* [Collected data]:
(* [Fp_to] is a ring morphism only under the characteristic hypothesis, so the
   instance is declared locally, in each section that assumes it. *)
#[local] HB.instance Definition _ :=
  GRing.isNmodMorphism.Build 'F_p R (@Fp_to p R) Fp_to_is_nmod_morphism.
#[local] HB.instance Definition _ :=
  GRing.isMonoidMorphism.Build 'F_p R (@Fp_to p R) Fp_to_is_monoid_morphism.

Lemma pnat_pchar_expn k : [pchar R].-nat (p ^ k)%N.
Proof. by rewrite pnatX pnatE ?pcharRp ?(pcharf_prime pcharRp). Qed.

Lemma Fp_to_expn c k : Fp_to c ^+ (p ^ k)%N = Fp_to c :> R.
Proof.
elim: k => [|k IHk]; first exact: expr1.
rewrite expnSr exprM IHk -rmorphXn.
by rewrite -[X in c ^+ X](card_Fp (pcharf_prime pcharRp)) expf_card.
Qed.

End FpScalars.

Section PPolynomials.
Variables (p : nat) (R : comNzRingType).
Hypothesis pcharRp : p \in [pchar R].
Implicit Types (c : 'F_p) (Q : {poly R}).

Lemma is_ppolyD Q1 Q2 : is_ppoly p Q1 -> is_ppoly p Q2 -> is_ppoly p (Q1 + Q2).
Proof.
move=> ppQ1 ppQ2 i; rewrite coefD; have [->|/ppQ1 //] := eqVneq Q1`_i 0.
by rewrite add0r; apply: ppQ2.
Qed.

Lemma is_ppolyZ a Q : is_ppoly p Q -> is_ppoly p (a *: Q).
Proof.
by move=> ppQ i; rewrite coefZ; have [->|/ppQ //] := eqVneq Q`_i 0; rewrite mulr0 eqxx.
Qed.

Lemma is_ppolyN Q : is_ppoly p Q -> is_ppoly p (- Q).
Proof. by rewrite -scaleN1r; apply: is_ppolyZ. Qed.

Lemma is_ppolyX : is_ppoly p ('X : {poly R}).
Proof. by move=> [|[|i]]; rewrite coefX /= ?eqxx // => _; exists 0%N. Qed.

Lemma is_ppoly_coef0 Q : is_ppoly p Q -> Q`_0 = 0.
Proof.
move=> ppQ; apply/eqP/negPn/negP => /ppQ [k /esym/eqP].
by rewrite expn_eq0 => /andP[/eqP p0 _]; move: (pcharf_prime pcharRp); rewrite p0.
Qed.

Lemma horner_ppoly0 Q : is_ppoly p Q -> Q.[0] = 0.
Proof. by rewrite horner_coef0; apply: is_ppoly_coef0. Qed.

Lemma horner_ppolyD Q x y : is_ppoly p Q -> Q.[x + y] = Q.[x] + Q.[y].
Proof.
move=> ppQ; rewrite !horner_coef -big_split; apply: eq_bigr => i _ /=.
have [->|/ppQ [k ->]] := eqVneq Q`_i 0; first by rewrite !mul0r addr0.
by rewrite exprDn_pchar ?mulrDr ?pnat_pchar_expn.
Qed.

Lemma horner_ppolyFp Q c x : is_ppoly p Q -> Q.[Fp_to c * x] = Fp_to c * Q.[x].
Proof.
move=> ppQ; rewrite !horner_coef mulr_sumr; apply: eq_bigr => i _ /=.
have [->|/ppQ [k ->]] := eqVneq Q`_i 0; first by rewrite !mul0r mulr0.
by rewrite exprMn Fp_to_expn // mulrCA.
Qed.

Lemma is_ppoly_Frobenius Q : is_ppoly p Q -> is_ppoly p (Q ^+ p).
Proof.
have pchar_polyR : p \in [pchar {poly R}] by rewrite pchar_poly.
have pP := pcharf_prime pcharRp.
move=> ppQ j.
have -> : Q ^+ p = \sum_(i < size Q) (Q`_i ^+ p) *: 'X^(i * p).
  rewrite -{1}[Q]coefK poly_def -(GRing.pFrobenius_autE pchar_polyR) rmorph_sum /=.
  by apply: eq_bigr => i _; rewrite GRing.pFrobenius_autE exprZn -exprM.
rewrite coef_sum => sum_nz.
have /existsP [i] : [exists i : 'I_(size Q), (Q`_i ^+ p *: 'X^(i * p))`_j != 0].
  by apply: contraR sum_nz => /existsPn term0; apply/eqP/big1 => i _; apply/eqP/negPn.
rewrite coefZ coefXn; have [-> | _] := eqVneq j (i * p)%N; last by rewrite mulr0 eqxx.
have [->|/ppQ [k ->] _] := eqVneq Q`_i 0.
  by rewrite expr0n gtn_eqF ?(prime_gt0 pP) ?mul0r ?eqxx.
by exists k.+1; rewrite expnSr.
Qed.
Lemma rtyp_plug_redex D t0 : forall G M tau k u ds,
  rtyp G (plug D (Lam t0)) (Arr M tau) k -> Forall (derives u) ds -> msub M (map jty ds) ->
  exists G' tau' k', rtyp G' (plug D (subst (lift (depth D) 0 u) 0 t0)) tau' k' /\
    tyeq tau tau' /\ env_msub G' (env_union G (env_sum ds)) /\ k' < k + size_sum ds.
Proof.
  induction D as [| t1 u1 D IH]; intros G M tau k u ds H Hds HM; simpl in *.
  - inversion H as [| ? ? M' ? ? k0 Ht HM' |]; subst.
    destruct (judgments_select _ _ _ Hds (msub_trans _ _ _ HM' HM))
      as [ds' [Hds' [Hty [Henv Hsize]]]].
    destruct (rtyp_subst _ _ _ _ Ht 0 u ds' Hds' Hty) as [G1 [tau1 [k1 [Ht1 [Htau [HG1 Hk1]]]]]].
    exists G1, tau1, k1; rewrite lift_0; repeat split; [exact Ht1 | exact Htau | |].
    + intro n; eapply msub_trans; [apply msub_meq, HG1 |].
      unfold env_subst, env_union; simpl; rewrite Nat.sub_0_r.
      apply msub_app; [apply msub_refl | apply Henv].
    + simpl in Hk1; lia.
  - inversion H as [| | L tau0 tau1 Gt Gu Gr N ? ? ? ? kt ku kr Ht Hu HN HLr Hr]; subst.
    assert (Hds' : Forall (derives (lift 1 0 u)) (map judgment_shift ds))
      by (apply Forall_map; eapply Forall_impl; [apply derives_shift | exact Hds]).
    assert (HM' : msub M (map jty (map judgment_shift ds))) by (rewrite map_map; exact HM).
    destruct (IH _ _ _ _ _ _ Hr Hds' HM') as [Gr' [tau' [kr' [Hr' [Htau [HGr Hkr]]]]]].
    rewrite lift_lift, Nat.add_1_r in Hr'.
    exists (env_union Gt (env_union Gu (fun n => Gr' (S n)))), tau', (S (kt + ku + kr')).
    repeat split; [| exact Htau | |].
    + eapply R_app; [exact Ht | exact Hu | exact HN | | exact Hr'].
      eapply msub_trans; [apply HGr |].
      unfold env_union; rewrite env_sum_shift, app_nil_r; exact HLr.
    + intro n; unfold env_union; rewrite <- !app_assoc.
      do 2 (apply msub_app; [apply msub_refl |]).
      eapply msub_trans; [apply HGr |]; unfold env_union; rewrite env_sum_shift; apply msub_refl.
    + rewrite size_sum_shift in Hkr; lia.
Qed.

(* Each of the length L copies of the abstraction loses its (abs) rule. *)
Lemma contract_redexes D t0 u : forall L dts dss,
  Forall (derives (plug D (Lam t0))) dts -> tyeqs (map arrow L) (map jty dts) ->
  Forall2 (fun M ds => tyeqs M (map jty ds)) (map fst L) dss -> Forall (derives u) (concat dss) ->
  exists dws, Forall (derives (plug D (subst (lift (depth D) 0 u) 0 t0))) dws /\
    tyeqs (map snd L) (map jty dws) /\
    env_msub (env_sum dws) (env_union (env_sum dts) (env_sum (concat dss))) /\
    size_sum dws + length L <= size_sum dts + size_sum (concat dss).
Proof.
  induction L as [| p L IH]; intros dts dss Hdts Hty Hdss Hu.
  - apply tyeqs_nil_judgments in Hty as ->; inversion Hdss; subst.
    exists []; repeat split; try constructor; intro n; apply msub_nil.
  - destruct dts as [| d dts]; inversion Hty as [| ? ? ? ? Hd Hty']; subst.
    inversion Hdss as [| ? ds ? dss' Hds Hdss']; subst.
    inversion Hdts as [| ? ? Hd0 Hdts']; subst.
    simpl in Hu; apply Forall_app in Hu as [Hu1 Hu2].
    destruct (IH _ _ Hdts' Hty' Hdss' Hu2) as [dws [Hdws [Htyw [Henvw Hsizew]]]].
    destruct (tyeq_Arr_inv _ _ _ Hd) as [N [s' [Ed [HN Hs']]]].
    unfold derives in Hd0; rewrite Ed in Hd0.
    assert (HNds : msub N (map jty ds))
      by (apply msub_meq; eauto using meq_trans, meq_sym, meq_tyeqs).
    destruct (rtyp_plug_redex _ _ _ _ _ _ _ _ Hd0 Hu1 HNds)
      as [G1 [tau1 [k1 [Hw [Htau [HG1 Hk1]]]]]].
    exists (Judgment G1 tau1 k1 :: dws); repeat split.
    + constructor; assumption.
    + constructor; [eapply tyeq_trans; eassumption | assumption].
    + intro n; simpl; unfold env_union; rewrite env_sum_app.
      eapply msub_trans; [apply msub_app; [apply HG1 | apply Henvw] |].
      unfold env_union; apply msub_perm; rewrite <- !app_assoc.
      apply Permutation_app_head, Permutation_app_swap_app.
    + simpl concat; rewrite !size_sum_cons, size_sum_app; simpl in *; lia.
Qed.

* [Your task]: Copy the entries above exactly, but only from the line holding "elim: k => [|k IHk]; first exact: expr1." through the line holding "move=> ppQ; rewrite !horner_coef -big_split;", both included.

* [Task output]:
elim: k => [|k IHk]; first exact: expr1.
rewrite expnSr exprM IHk -rmorphXn.
by rewrite -[X in c ^+ X](card_Fp (pcharf_prime pcharRp)) expf_card.
Qed.

End FpScalars.

Section PPolynomials.
Variables (p : nat) (R : comNzRingType).
Hypothesis pcharRp : p \in [pchar R].
Implicit Types (c : 'F_p) (Q : {poly R}).

Lemma is_ppolyD Q1 Q2 : is_ppoly p Q1 -> is_ppoly p Q2 -> is_ppoly p (Q1 + Q2).
Proof.
move=> ppQ1 ppQ2 i; rewrite coefD; have [->|/ppQ1 //] := eqVneq Q1`_i 0.
by rewrite add0r; apply: ppQ2.
Qed.

Lemma is_ppolyZ a Q : is_ppoly p Q -> is_ppoly p (a *: Q).
Proof.
by move=> ppQ i; rewrite coefZ; have [->|/ppQ //] := eqVneq Q`_i 0; rewrite mulr0 eqxx.
Qed.

Lemma is_ppolyN Q : is_ppoly p Q -> is_ppoly p (- Q).
Proof. by rewrite -scaleN1r; apply: is_ppolyZ. Qed.

Lemma is_ppolyX : is_ppoly p ('X : {poly R}).
Proof. by move=> [|[|i]]; rewrite coefX /= ?eqxx // => _; exists 0%N. Qed.

Lemma is_ppoly_coef0 Q : is_ppoly p Q -> Q`_0 = 0.
Proof.
move=> ppQ; apply/eqP/negPn/negP => /ppQ [k /esym/eqP].
by rewrite expn_eq0 => /andP[/eqP p0 _]; move: (pcharf_prime pcharRp); rewrite p0.
Qed.

Lemma horner_ppoly0 Q : is_ppoly p Q -> Q.[0] = 0.
Proof. by rewrite horner_coef0; apply: is_ppoly_coef0. Qed.

Lemma horner_ppolyD Q x y : is_ppoly p Q -> Q.[x + y] = Q.[x] + Q.[y].
Proof.
move=> ppQ; rewrite !horner_coef -big_split; apply: eq_bigr => i _ /=.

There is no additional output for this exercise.